Stat mech will apply to things like equations of state for matter in stars. This will contribute to stellar evolution, from formation to final life in either collapse or explosion. For large enough stars you will find GR is important enough to include it in calculations of stellar evolution.It will apply in things like understanding neutron stars and other things like that, once more requiring GR. Possibly you will need stat mech to understand things like the life of a gas nebula, especially one that is very hot from a nearby super nova or some such thing. It will apply in things like early universe cosmology, again a condition where GR is important.
 
I see, thanks very much.
Yes, I am sure (as I was already) I am not goint to make a scientific discovery in my master thesis!

It seems to me that the first examples you gave me are in the domain of Astrophysics.
Whereas, you also talked about early universe cosmology.
Can you give me some examples about that?
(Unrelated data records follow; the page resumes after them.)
(* Let $D$ be a finite directed graph with $n$ vertices having two distinct complete sources $c$ and $c'$. Let $\mathcal{T}_c$ be the set of spanning rooted directed trees $T$ of $D$ (subgraphs of $D$ containing all vertices) in which $c$ is a leaf. For $T\in\mathcal{T}_c$ let $S_T$ be the subcomplex defined below. Then $S_T\subseteq\Delta(D)$ for each $T\in\mathcal{T}_c$ and $$\Delta(D)=\bigcup_{T\in\mathcal{T}_c}S_T .$$ Definition of $S_T$: let $x_1$ be the root of $T$ and $x_1\to x_2\to\cdots\to x_k\to c$ the unique directed path in $T$ from $x_1$ to $c$; let $\sigma_T=\{\overrightarrow{x_1x_2},\ldots,\overrightarrow{x_{k-1}x_k},\overrightarrow{x_kc},\overrightarrow{cx_1}\}$ and let $\partial\sigma_T$ be the complex of all proper subsets of $\sigma_T$. Let $y_1,\ldots,y_r$ ($r=n-k-1$) be the remaining vertices of $D$, and for each $j$ let $z_j$ be the unique vertex with $\overrightarrow{z_jy_j}\in E(T)$. Then $$S_T=\partial\sigma_T*\{\overrightarrow{z_1y_1},\overrightarrow{cy_1}\}*\cdots*\{\overrightarrow{z_ry_r},\overrightarrow{cy_r}\},$$ where $*$ is the join of simplicial complexes and $\{a,b\}$ denotes the $0$-dimensional complex with the two vertices $a,b$ and no edge.
   Context: For a finite directed graph $D$ (no loops, no multiple edges), the complex of directed trees $\Delta(D)$ has the directed edges of $D$ as vertices, and its faces are the edge sets of directed forests in $D$ (vertex-disjoint unions of rooted directed trees; equivalently, edge sets in which every vertex has in-degree at most $1$ and there is no directed cycle). A rooted directed tree with root $r$ is an acyclic digraph in which each vertex is reached from $r$ by a unique directed path; a leaf is a vertex of out-degree $0$ in the tree. A vertex $c$ of $D$ is a complete source if $\overrightarrow{cy}\in E(D)$ for every vertex $y\neq c$. We write $\overrightarrow{xy}$ for the directed edge from $x$ to $y$. *)

From mathcomp Require Import all_boot.
Set Implicit Arguments. Unset Strict Implicit. Unset Printing Implicit Defensive.

Section Digraph.
Variable V : finType.

(* A directed graph on V is D : rel V (edge x -> y iff D x y);
   edge sets are finite sets of ordered pairs (x, y) meaning x -> y. *)
Definition edges (D : rel V) : {set V * V} := [set e | D e.1 e.2].

Definition erel (F : {set V * V}) : rel V := fun a b => (a, b) \in F.

Definition has_dcycle (F : {set V * V}) : Prop :=
  exists (x : V) (p : seq V), p != [::] /\ path (erel F) x p /\ last x p = x.

(* Faces of the complex of directed trees Delta(D): directed forests. *)
Definition directed_forest (D : rel V) (F : {set V * V}) : Prop :=
  F \subset edges D /\
  (forall y : V, #|[set e in F | e.2 == y]| <= 1) /\
  ~ has_dcycle F.

Definition dpath (F : {set V * V}) (r : V) (p : seq V) (v : V) : Prop :=
  path (erel F) r p /\ uniq (r :: p) /\ last r p = v.

Definition spanning_rooted_tree (D : rel V) (T : {set V * V}) (r : V) : Prop :=
  T \subset edges D /\ ~ has_dcycle T /\
  forall v : V, exists p, dpath T r p v /\ forall q, dpath T r q v -> q = p.

Definition is_leaf (T : {set V * V}) (c : V) : Prop :=
  forall y : V, (c, y) \notin T.

Definition complete_source (D : rel V) (c : V) : Prop :=
  forall y : V, y != c -> D c y.

(* sigma_T for the path r = x_1 -> x_2 -> ... -> x_k -> c (given by r :: p,
   whose last vertex is c): the path edges together with the edge c -> x_1. *)
Definition sigmaT (r : V) (p : seq V) (c : V) : {set V * V} :=
  [set e | e \in zip (r :: p) p] :|: [set (c, r)].

(* Faces of S_T = (boundary of sigma_T) * {z_1y_1, cy_1} * ... * {z_ry_r, cy_r}:
   a proper subset of sigma_T, together with, for each vertex y off the path,
   either nothing, or the tree edge z_y -> y, or the edge c -> y. *)
Definition S_face (T : {set V * V}) (r : V) (p : seq V) (c : V)
    (F : {set V * V}) : Prop :=
  exists A : {set V * V}, A \proper sigmaT r p c /\
  exists b : V -> option bool,
    F = A :|: [set e : V * V | (e.2 \notin r :: p) &&
                 match b e.2 with
                 | Some true => e \in T
                 | Some false => e.1 == c
                 | None => false
                 end].

End Digraph.

From mathcomp Require Import all_boot zify.
Set Implicit Arguments. Unset Strict Implicit. Unset Printing Implicit Defensive.

(* A face of S_T is a directed forest: every edge entering a vertex
   off the path x_1 -> ... -> x_k -> c comes from T or from c, and the edges of
   the proper subset of the cycle sigma_T, read from the head of its missing edge,
   are ranked by their position along the cycle.  Conversely, given a directed
   forest F, delete the edges leaving c and hang the root of every resulting
   component, except the one containing c', below the complete source c'; this
   yields a spanning tree T in which c is a leaf, and F is a face of S_T: on the
   path from the root of T to c, F can only use edges of sigma_T and misses one of
   them, and every other vertex receives from F either its T-edge, or the edge
   from c, or nothing. *)

Section Digraph.
Variable V : finType.
Implicit Types (E : {set V * V}) (u v x y : V).

Lemma has_dcycleS E1 E2 : E1 \subset E2 -> has_dcycle E1 -> has_dcycle E2.
Proof.
move=> /subsetP sE [x [p [p_ne [p_path p_last]]]]; exists x, p; split=> //.
by split=> //; apply: sub_path p_path => a b /sE.
Qed.

Lemma edge_connect_dcycle E u v : (u, v) \in E -> connect (erel E) v u -> has_dcycle E.
Proof.
move=> uv /connectP [p p_path u_last]; exists v, (rcons p v).
by split; [case: p {p_path u_last} | rewrite rcons_path p_path -u_last last_rcons].
Qed.

Section Rank.
Variables (E : {set V * V}) (f : V -> nat).
Hypothesis f_incr : forall u v, (u, v) \in E -> f u < f v.

Lemma rank_path_le_last x p :
  path (erel E) x p -> {in x :: p, forall w, f w <= f (last x p)}.
Proof.
elim: p x => [|y p IHp] x /=; first by move=> _ w; rewrite inE => /eqP ->.
move=> /andP [xy y_p] w; rewrite inE => /orP [/eqP ->|w_p]; last exact: IHp.
exact: ltnW (leq_trans (f_incr xy) (IHp _ y_p _ (mem_head _ _))).
Qed.

Lemma rank_no_dcycle : ~ has_dcycle E.
Proof.
move=> [x [[|y p] [// _ [/= /andP [xy y_p] p_last]]]].
by have := rank_path_le_last y_p (mem_head y p); rewrite p_last leqNgt f_incr.
Qed.

End Rank.

Definition depth E v := #|[set u | connect (erel E) u v]|.

Lemma depth_gt0 E v : 0 < depth E v.
Proof. by apply/card_gt0P; exists v; rewrite inE connect0. Qed.

Lemma depth_edge E u v : ~ has_dcycle E -> (u, v) \in E -> depth E u < depth E v.
Proof.
move=> E_acyc uv; apply/proper_card/properP; split.
  by apply/subsetP=> w; rewrite !inE => /connect_trans; apply; apply: connect1.
exists v; first by rewrite inE connect0.
by rewrite inE; apply/negP => /(edge_connect_dcycle uv).
Qed.

Definition in_unique E := forall a a' y, (a, y) \in E -> (a', y) \in E -> a = a'.

Lemma in_uniqueP E : (forall y, #|[set e in E | e.2 == y]| <= 1) <-> in_unique E.
Proof.
split=> [E_deg a a' y ay a'y | E_uniq y].
  have /card_le1_eqP/(_ (a, y) (a', y)) := E_deg y.
  by rewrite !inE ay a'y eqxx => /(_ isT isT) [].
apply/card_le1_eqP => [[a b] [a' b']]; rewrite !inE /=.
by move=> /andP [ab /eqP eb] /andP [a'b' /eqP eb']; subst; rewrite (E_uniq _ _ _ ab a'b').
Qed.

Lemma in_uniqueS E1 E2 : E1 \subset E2 -> in_unique E2 -> in_unique E1.
Proof. by move=> /subsetP sE E_uniq a a' y /sE ay /sE; apply: E_uniq. Qed.

End Digraph.

Section ForestRoot.
Variables (V : finType) (E : {set V * V}).
Hypotheses (E_uniq : in_unique E) (E_acyc : ~ has_dcycle E).
Implicit Types (u v : V).

Definition parent v := if [pick u | (u, v) \in E] is Some u then u else v.
Definition forest_root v := iter #|V| parent v.

Lemma parent_edge u v : (u, v) \in E -> parent v = u.
Proof.
by rewrite /parent; case: pickP => [u' /= u'v uv|/(_ u) /= ->] //; apply: E_uniq u'v uv.
Qed.

Lemma parentP v :
  (parent v, v) \in E \/ (forall u, (u, v) \notin E) /\ parent v = v.
Proof.
rewrite /parent; case: pickP => [u /= uv|no_par]; first by left.
by right; split=> // u; rewrite no_par.
Qed.

Lemma parent_id v : (forall u, (u, v) \notin E) -> parent v = v.
Proof.
move=> no_par; case: (parentP v) => [pv|[_ //]].
by move: (no_par (parent v)); rewrite pv.
Qed.

Lemma iter_parent_id k v : (forall u, (u, v) \notin E) -> iter k parent v = v.
Proof. by move=> no_par; elim: k => //= k ->; apply: parent_id. Qed.

Lemma iter_parent_noin k v : depth E v <= k.+1 -> forall u, (u, iter k parent v) \notin E.
Proof.
elim: k v => [|k IHk] v dv u.
  by apply/negP => /(depth_edge E_acyc); rewrite ltnNge (leq_trans dv (depth_gt0 E u)).
rewrite iterSr; case: (parentP v) => [pv|[no_par ->]]; last by rewrite iter_parent_id.
by apply: IHk; have := depth_edge E_acyc pv; lia.
Qed.

Lemma forest_root_noin v u : (u, forest_root v) \notin E.
Proof. by apply: iter_parent_noin; apply: leqW; apply: max_card. Qed.

Lemma forest_root_connect v : connect (erel E) (forest_root v) v.
Proof.
rewrite /forest_root; elim: #|V| v => [|k IHk] v; first exact: connect0.
rewrite iterSr; apply: connect_trans (IHk _) _.
by case: (parentP v) => [pv|[_ ->]]; [apply: connect1|apply: connect0].
Qed.

Lemma forest_root_edge u v : (u, v) \in E -> forest_root u = forest_root v.
Proof.
move=> uv; rewrite /forest_root -(parent_edge uv) -iterSr iterS.
by rewrite parent_id // => w; apply: forest_root_noin.
Qed.

Lemma forest_root_id v : (forall u, (u, v) \notin E) -> forest_root v = v.
Proof. exact: iter_parent_id. Qed.

End ForestRoot.

Section ConsecutivePairs.
Variable V : eqType.
Implicit Types (s p : seq V) (a b r : V).

Lemma mem_zip_behead s a b : uniq s -> (a, b) \in zip s (behead s) ->
  [/\ a \in s, b \in s & index b s = (index a s).+1].
Proof.
elim: s => [|x [|y s] IHs] //=; rewrite inE => /andP [x_notin s_uniq].
rewrite inE => /orP [/eqP [-> ->]|ab].
  rewrite !inE !eqxx orbT; split=> //=.
  by case: eqP x_notin => // ->; rewrite inE eqxx.
have [a_s b_s b_idx] := IHs s_uniq ab.
have [xa xb] : x != a /\ x != b by split; apply: contraNneq x_notin => ->.
split; [by rewrite a_s orbT | by rewrite in_cons b_s orbT |].
by move: b_idx => /=; rewrite (negbTE xa) (negbTE xb) => ->.
Qed.

Lemma zip_pred_exists r p b : b \in p -> exists a, (a, b) \in zip (r :: p) p.
Proof.
elim: p r => [|x p IHp] r //=; rewrite inE => /orP [/eqP ->|b_p].
  by exists r; rewrite inE eqxx.
by have [a ab] := IHp x b_p; exists a; rewrite inE ab orbT.
Qed.

End ConsecutivePairs.

Section RootedTree.
Variables (V : finType) (T : {set V * V}) (r : V).
Implicit Types (u v : V) (p q : seq V).

Lemma path_zip_edge x p a b :
  path (erel T) x p -> (a, b) \in zip (x :: p) p -> (a, b) \in T.
Proof.
elim: p x => [|y p IHp] x //= /andP [xy y_p]; rewrite inE => /orP [/eqP [-> ->] //|].
exact: IHp.
Qed.

Lemma mem_path_connect x p v :
  path (erel T) x p -> v \in x :: p -> connect (erel T) v (last x p).
Proof.
elim: p x v => [|y p IHp] x v /=; first by move=> _; rewrite inE => /eqP ->.
move=> /andP [xy y_p]; rewrite inE => /orP [/eqP ->|v_p]; last exact: IHp.
exact: connect_trans (connect1 xy) (IHp _ _ y_p (mem_head _ _)).
Qed.

Lemma dpath_rcons q u v :
  ~ has_dcycle T -> (u, v) \in T -> dpath T r q u -> dpath T r (rcons q v) v.
Proof.
move=> T_acyc uv [q_path [q_uniq q_last]].
split; first by rewrite rcons_path q_path q_last.
rewrite last_rcons -rcons_cons rcons_uniq q_uniq andbT; split=> //.
apply/negP => /(mem_path_connect q_path); rewrite q_last.
by move/(edge_connect_dcycle uv).
Qed.

Hypotheses (r_orphan : forall u, (u, r) \notin T) (T_uniq : in_unique T).

Lemma path_last_inj q q' :
  path (erel T) r q -> path (erel T) r q' -> last r q = last r q' -> q = q'.
Proof.
elim/last_ind: q q' => [|q x IHq] q'; case/lastP: q' => [|q' x'] //=;
  rewrite ?rcons_path ?last_rcons.
- by move=> _ /andP [_] + /esym x'r; rewrite x'r /erel (negbTE (r_orphan _)).
- by move=> /andP [_] + _ xr; rewrite xr /erel (negbTE (r_orphan _)).
move=> /andP [q_path qx] /andP [q'_path q'x'] xx'; subst x'.
by rewrite (IHq q' q_path q'_path (T_uniq qx q'x')).
Qed.

Lemma dpath_connect_mem p c u :
  dpath T r p c -> connect (erel T) u c -> u \in r :: p.
Proof.
move=> [p_path [p_uniq p_last]] /connectP [q q_path c_last]; rewrite {c}c_last in p_last.
elim: q u q_path p_last => [|x q IHq] u /=; first by move=> _ <-; rewrite mem_last.
move=> /andP [ux x_q] p_last; have x_s := IHq x x_q p_last.
have x_p : x \in p.
  by move: x_s; rewrite in_cons; case: eqP ux => [->|//]; rewrite /erel (negbTE (r_orphan _)).
have [a ax] := zip_pred_exists r x_p.
rewrite -(T_uniq (path_zip_edge p_path ax) ux).
by case: (mem_zip_behead p_uniq ax).
Qed.

Lemma spanning_rooted_tree_of_rank D (f : V -> nat) :
  T \subset edges D -> (forall v, v != r -> exists u, (u, v) \in T) ->
  (forall u v, (u, v) \in T -> f u < f v) -> spanning_rooted_tree D T r.
Proof.
move=> T_D has_parent f_incr; have T_acyc := rank_no_dcycle f_incr.
split=> //; split=> // v.
have [p p_dpath] : exists p, dpath T r p v.
  elim: (f v) {-2}v (leqnn (f v)) => [|n IHn] w; case: (eqVneq w r) => [->|wr];
    try by exists [::].
  - by have [u /f_incr] := has_parent w wr; case: (f w).
  have [u uw] := has_parent w wr; have := f_incr _ _ uw => fu fw.
  have [q q_dpath] := IHn u (leq_trans fu fw).
  by exists (rcons q w); apply: dpath_rcons q_dpath.
exists p; split=> // q [q_path [_ q_last]].
by case: p_dpath => [p_path [_ p_last]]; apply: path_last_inj; rewrite ?q_last.
Qed.

End RootedTree.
Or also some link, paper, review ... anything which may help me have a decent idea about that.
 
My knowledge of early universe cosmology is seldom and few. It is little more than my reading of the book _The First Three Minutes_ by Weinberg.
 
iorfus said:
I continue to read that Statistical Mechanics is very often used in General Relativity and Cosmology, but I cannot see precisely why.

Can please anyhone help me?
Thanks in advance!
I'm not aware that SM is used in GR but apparently the Einstein field equations are a restatement of the second law of thermodynamics.

See
Gravity: the inside story
T. Padmanabhan
Gen Relativ Gravit (2008) 40:2031–2036
DOI 10.1007/s10714-008-0669-6

It is available in pdf form.
 
Thanks anyway, DEvens :-)

Thank you very much, Mentz114, I am going to take a look at it!